■ INFORMATION SUPPLIED:
____________________
(* For every $n\geq 2$, the pair $(H_n,v)$ is neutral for the glue operator, where $H_n$ is the hanging split graph of size $n$ and $v$ is its distinguished clique vertex.
   Context: For $n\geq 2$, the hanging split graph $H_n$ consists of a clique on vertices $\{v,v_1,\ldots,v_{n-1}\}$, an independent set $\{u_1,\ldots,u_{n-1}\}$, and edges $u_iv_i$ for $1\le i\le n-1$ (so $H_2$ is the path on three vertices with $v$ an endpoint). The Maker-Breaker domination game on a graph: Dominator and Staller alternately choose a not-yet-chosen vertex (no passing), starting with all vertices unchosen; when all vertices are chosen, Dominator wins if his vertices form a dominating set of the graph, otherwise Staller wins. The outcome $o(\cdot)$ is $\mathcal D$ if Dominator has a winning strategy both as first and as second player, $\mathcal S$ if Staller has a winning strategy both as first and as second player, and $\mathcal N$ if the first player has a winning strategy. For disjoint graphs $G,H$ and vertices $u\in V(G)$, $v\in V(H)$, the glued graph $G\odot_{u,v}H$ is obtained from the disjoint union by identifying $u$ and $v$ into one new vertex $w$, adjacent to all former neighbors of $u$ in $G$ and of $v$ in $H$. The pair $(H,v)$ is neutral for the glue operator if for every graph $G$ and every vertex $u$ of $G$, $o(G\odot_{u,v}H)=o(G)$. *)

From mathcomp Require Import all_boot.
Set Implicit Arguments. Unset Strict Implicit. Unset Printing Implicit Defensive.

(* A finite simple graph is a finType T with a symmetric irreflexive
   adjacency relation e : rel T. *)

Section Game.
Variables (T : finType) (e : rel T).

Definition dominating (D : {set T}) : bool :=
  [forall x, (x \in D) || [exists y in D, e x y]].

(* Position: D (Dominator's vertices),
   S (Staller's vertices); dom_turn = true iff Dominator moves next.
   The fuel k is the number of unchosen vertices.  No passing; when all
   vertices are chosen Dominator wins iff D is dominating. *)
Fixpoint dom_wins (k : nat) (D S : {set T}) (dom_turn : bool) : bool :=
  if k is k'.+1 then
    if dom_turn then [exists x in ~: (D :|: S), dom_wins k' (x |: D) S false]
    else [forall x in ~: (D :|: S), dom_wins k' D (x |: S) true]
  else dominating D.

Fixpoint stal_wins (k : nat) (D S : {set T}) (dom_turn : bool) : bool :=
  if k is k'.+1 then
    if dom_turn then [forall x in ~: (D :|: S), stal_wins k' (x |: D) S false]
    else [exists x in ~: (D :|: S), stal_wins k' D (x |: S) true]
  else ~~ dominating D.

Definition D_wins_first : bool := dom_wins #|T| set0 set0 true.
Definition D_wins_second : bool := dom_wins #|T| set0 set0 false.
Definition S_wins_first : bool := stal_wins #|T| set0 set0 false.
Definition S_wins_second : bool := stal_wins #|T| set0 set0 true.

End Game.

Inductive outcome_t := OutD | OutS | OutN.

(* o(G): D if Dominator wins as first and as second player, S if Staller
   wins as first and as second player, N if the first player wins;
   None in any other (a priori possible) case. *)
Definition outcome (T : finType) (e : rel T) : option outcome_t :=
  if D_wins_first e && D_wins_second e then Some OutD
  else if S_wins_first e && S_wins_second e then Some OutS
  else if D_wins_first e && S_wins_first e then Some OutN
  else None.

(* Glued graph G ⊙_{u,v} H: vertex set V(G) ⊎ (V(H) \ {v}); the vertex
   inl u plays the role of the identified vertex w. *)
Definition glue_vtx (T1 T2 : finType) (v : T2) : finType :=
  (T1 + {x : T2 | x != v})%type.
Arguments glue_vtx T1 {T2} v.

Definition glue_rel (T1 T2 : finType) (e1 : rel T1) (u : T1) (e2 : rel T2) (v : T2)
  : rel (glue_vtx T1 v) :=
  fun a b =>
    match a, b with
    | inl x, inl y => e1 x y
    | inr x, inr y => e2 (val x) (val y)
    | inl x, inr y => (x == u) && e2 v (val y)
    | inr x, inl y => (y == u) && e2 (val x) v
    end.

Arguments glue_rel {T1 T2} e1 u e2 v.

(* Hanging split graph H_n: vertices None = v, Some (inl i) = v_(i+1),
   Some (inr i) = u_(i+1), for i < n-1. *)
Definition H_vtx (n : nat) : finType := option ('I_(n.-1) + 'I_(n.-1)).
(* Let $S$ be a finite set of at least three points in the plane, $v>1$, and $s\in S$. Let $H_s$ be an axis-aligned speed-$v$ highway cross that minimizes $\max_{q\in S}t_{H}(s,q)$ over all axis-aligned speed-$v$ highway crosses $H$. Then the travel-time diameter $\max_{p,q\in S}t_{H_s}(p,q)$ is at most $2\delta_{\mathrm{opt}}$, where $\delta_{\mathrm{opt}}$ is the travel-time diameter of $S$ for an optimal axis-aligned speed-$v$ highway cross.
   Context: The underlying metric is the $L_1$-metric. An axis-aligned highway cross is the union $H$ of a horizontal and a vertical line; one travels with speed $1$ off $H$ ($L_1$-lengths) and with speed $v$ along either line of $H$. The travel time $t_H(p,q)$ is the minimum time of a path from $p$ to $q$; the travel-time diameter of $S$ is $\max_{p,q\in S}t_H(p,q)$, and an optimal highway cross minimizes it. *)

From mathcomp Require Import all_boot all_order all_algebra.
From mathcomp Require Import boolp classical_sets reals.
Set Implicit Arguments. Unset Strict Implicit. Unset Printing Implicit Defensive.
Import Order.TTheory GRing.Theory Num.Theory.
Local Open Scope ring_scope.
Local Open Scope classical_set_scope.

Section Highway.
Variable R : realType.

Definition plane_pt := (R * R)%type.

Definition d1 (p q : plane_pt) : R := `|p.1 - q.1| + `|p.2 - q.2|.

(* An axis-aligned highway cross, encoded by (a, b): the union of the
   vertical line x = a and the horizontal line y = b. *)
Definition cross := (R * R)%type.

Definition on_highway (H : cross) (p q : plane_pt) : bool :=
  ((p.1 == H.1) && (q.1 == H.1)) || ((p.2 == H.2) && (q.2 == H.2)).

Definition seg_time (v : R) (H : cross) (p q : plane_pt) : R :=
  if on_highway H p q then d1 p q / v else d1 p q.

Fixpoint chain_time (v : R) (H : cross) (x : plane_pt) (l : seq plane_pt) : R :=
  if l is y :: l' then seg_time v H x y + chain_time v H y l' else 0.

Definition path_time (v : R) (H : cross) (p : plane_pt) (l : seq plane_pt) (q : plane_pt) : R :=
  chain_time v H p (rcons l q).

Definition travel_time (v : R) (H : cross) (p q : plane_pt) : R :=
  inf [set t | exists l : seq plane_pt, t = path_time v H p l q].

Definition eccentricity (v : R) (H : cross) (S : seq plane_pt) (s : plane_pt) : R :=
  \big[Num.max/0]_(q <- S) travel_time v H s q.

Definition tt_diameter (v : R) (H : cross) (S : seq plane_pt) : R :=
  \big[Num.max/0]_(p <- S) \big[Num.max/0]_(q <- S) travel_time v H p q.

End Highway.

From mathcomp Require Import all_boot all_order all_algebra.
From mathcomp Require Import boolp classical_sets reals.
Set Implicit Arguments. Unset Strict Implicit. Unset Printing Implicit Defensive.
Import Order.TTheory GRing.Theory Num.Theory.
Local Open Scope ring_scope.
Local Open Scope classical_set_scope.

(* For any positive speed, travel time along a fixed highway cross is a
   pseudometric: reversing a path keeps its time, and concatenating paths adds
   times.  Hence for s in S the diameter of S is at most twice the eccentricity
   of s.  Since H_s minimises that eccentricity,
   diam_{H_s} <= 2 ecc_{H_s}(s) <= 2 ecc_{H_opt}(s) <= 2 diam_{H_opt}. *)

Section TravelTime.
Variable R : realType.
Variable v : R.
Hypothesis v_gt0 : 0 < v.
Variable H : cross R.

Lemma seg_time_ge0 (p q : plane_pt R) : 0 <= seg_time v H p q.
Proof.
have d1_ge0 : 0 <= d1 p q by apply: addr_ge0.
by rewrite /seg_time; case: ifP => _ //; rewrite divr_ge0 // ltW.
Qed.

Lemma seg_timeC (p q : plane_pt R) : seg_time v H p q = seg_time v H q p.
Proof.
rewrite /seg_time /d1 /on_highway (distrC p.1) (distrC p.2).
by rewrite (andbC (p.1 == _)) (andbC (p.2 == _)).
Qed.

Lemma chain_time_ge0 x l : 0 <= chain_time v H x l.
Proof. by elim: l x => [|y l IHl] x //=; rewrite addr_ge0 ?seg_time_ge0. Qed.

Lemma chain_time_cat x l1 l2 :
  chain_time v H x (l1 ++ l2) = chain_time v H x l1 + chain_time v H (last x l1) l2.
Proof. by elim: l1 x => [|y l IHl] x /=; rewrite ?add0r // IHl addrA. Qed.

Lemma chain_time_rev x l y :
  chain_time v H x (rcons l y) = chain_time v H y (rcons (rev l) x).
Proof.
elim: l x => [|z l IHl] x /=; first by rewrite seg_timeC.
rewrite IHl rev_cons -[in RHS]cats1 chain_time_cat last_rcons /= addr0 addrC.
by rewrite seg_timeC.
Qed.

Definition path_times (p q : plane_pt R) :=
  [set t | exists l : seq (plane_pt R), t = path_time v H p l q].

Lemma path_times_neq0 p q : path_times p q !=set0.
Proof. by exists (path_time v H p [::] q); exists [::]. Qed.

Lemma travel_time_le_path p q l : travel_time v H p q <= path_time v H p l q.
Proof.
apply: ge_inf; last by exists l.
by exists 0 => _ [l' ->]; apply: chain_time_ge0.
Qed.

Lemma le_travel_time p q x :
  (forall l, x <= path_time v H p l q) -> x <= travel_time v H p q.
Proof. by move=> x_le; apply: lb_le_inf (path_times_neq0 p q) _ => _ [l ->]. Qed.

Lemma travel_time_ge0 p q : 0 <= travel_time v H p q.
Proof. by apply: le_travel_time => l; apply: chain_time_ge0. Qed.

Lemma travel_timeC p q : travel_time v H p q = travel_time v H q p.
Proof.
suff le_sym a b : travel_time v H a b <= travel_time v H b a.
  by apply/le_anti; rewrite !le_sym.
apply: le_travel_time => l; rewrite /path_time chain_time_rev.
exact: travel_time_le_path.
Qed.

Lemma travel_time_triangle p s q :
  travel_time v H p q <= travel_time v H p s + travel_time v H s q.
Proof.
rewrite -lerBlDr; apply: le_travel_time => l1; rewrite lerBlDl -lerBlDr.
apply: le_travel_time => l2; rewrite lerBlDl addrC.
have := travel_time_le_path p q (l1 ++ s :: l2).
by rewrite /path_time -cat_rcons rcons_cat chain_time_cat last_rcons addrC.
Qed.

Lemma eccentricity_ge0 S s : s \in S -> 0 <= eccentricity v H S s.
Proof.
move=> sS; apply: le_trans (travel_time_ge0 s s) _.
exact: le_bigmax_seq.
Qed.

Lemma eccentricity_le_tt_diameter S s :
  s \in S -> eccentricity v H S s <= tt_diameter v H S.
Proof.
by move=> sS; apply: (le_bigmax_seq _ s xpredT
  (fun p => \big[Num.max/0]_(q <- S) travel_time v H p q)).
Qed.

Lemma tt_diameter_le_eccentricity S s :
  s \in S -> tt_diameter v H S <= 2 * eccentricity v H S s.
Proof.
move=> sS; have ecc2_ge0 := mulr_ge0 (ler0n R 2) (eccentricity_ge0 sS).
have ecc_ub q : q \in S -> travel_time v H s q <= eccentricity v H S s.
  by move=> qS; apply: le_bigmax_seq.
rewrite /tt_diameter big_seq; apply: bigmax_le => // p pS.
rewrite big_seq; apply: bigmax_le => // q qS.
apply: le_trans (travel_time_triangle p s q) _.
rewrite mulr2n mulrDl mul1r lerD ?ecc_ub //.
by rewrite travel_timeC ecc_ub.
Qed.

End TravelTime.

Theorem lemma4 (R : realType) (S : seq (plane_pt R)) (v : R) (s : plane_pt R)
    (Hs : cross R) :
  uniq S -> (3 <= size S)%N -> 1 < v -> s \in S ->
  (forall H : cross R, eccentricity v Hs S s <= eccentricity v H S s) ->
  forall Hopt : cross R,
    (forall H : cross R, tt_diameter v Hopt S <= tt_diameter v H S) ->
    tt_diameter v Hs S <= 2 * tt_diameter v Hopt S.
Proof.
move=> _ _ v_gt1 sS Hs_min Hopt _.
have v_gt0 : 0 < v by apply: lt_trans v_gt1.
apply: le_trans (tt_diameter_le_eccentricity v_gt0 Hs sS) _.
rewrite ler_wpM2l //; apply: le_trans (Hs_min Hopt) _.
exact: eccentricity_le_tt_diameter.
Qed.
____________________
The lines to copy are those above that contain "lerBlDl".

■ OUTPUT:
rewrite -lerBlDr; apply: le_travel_time => l1; rewrite lerBlDl -lerBlDr.
apply: le_travel_time => l2; rewrite lerBlDl addrC.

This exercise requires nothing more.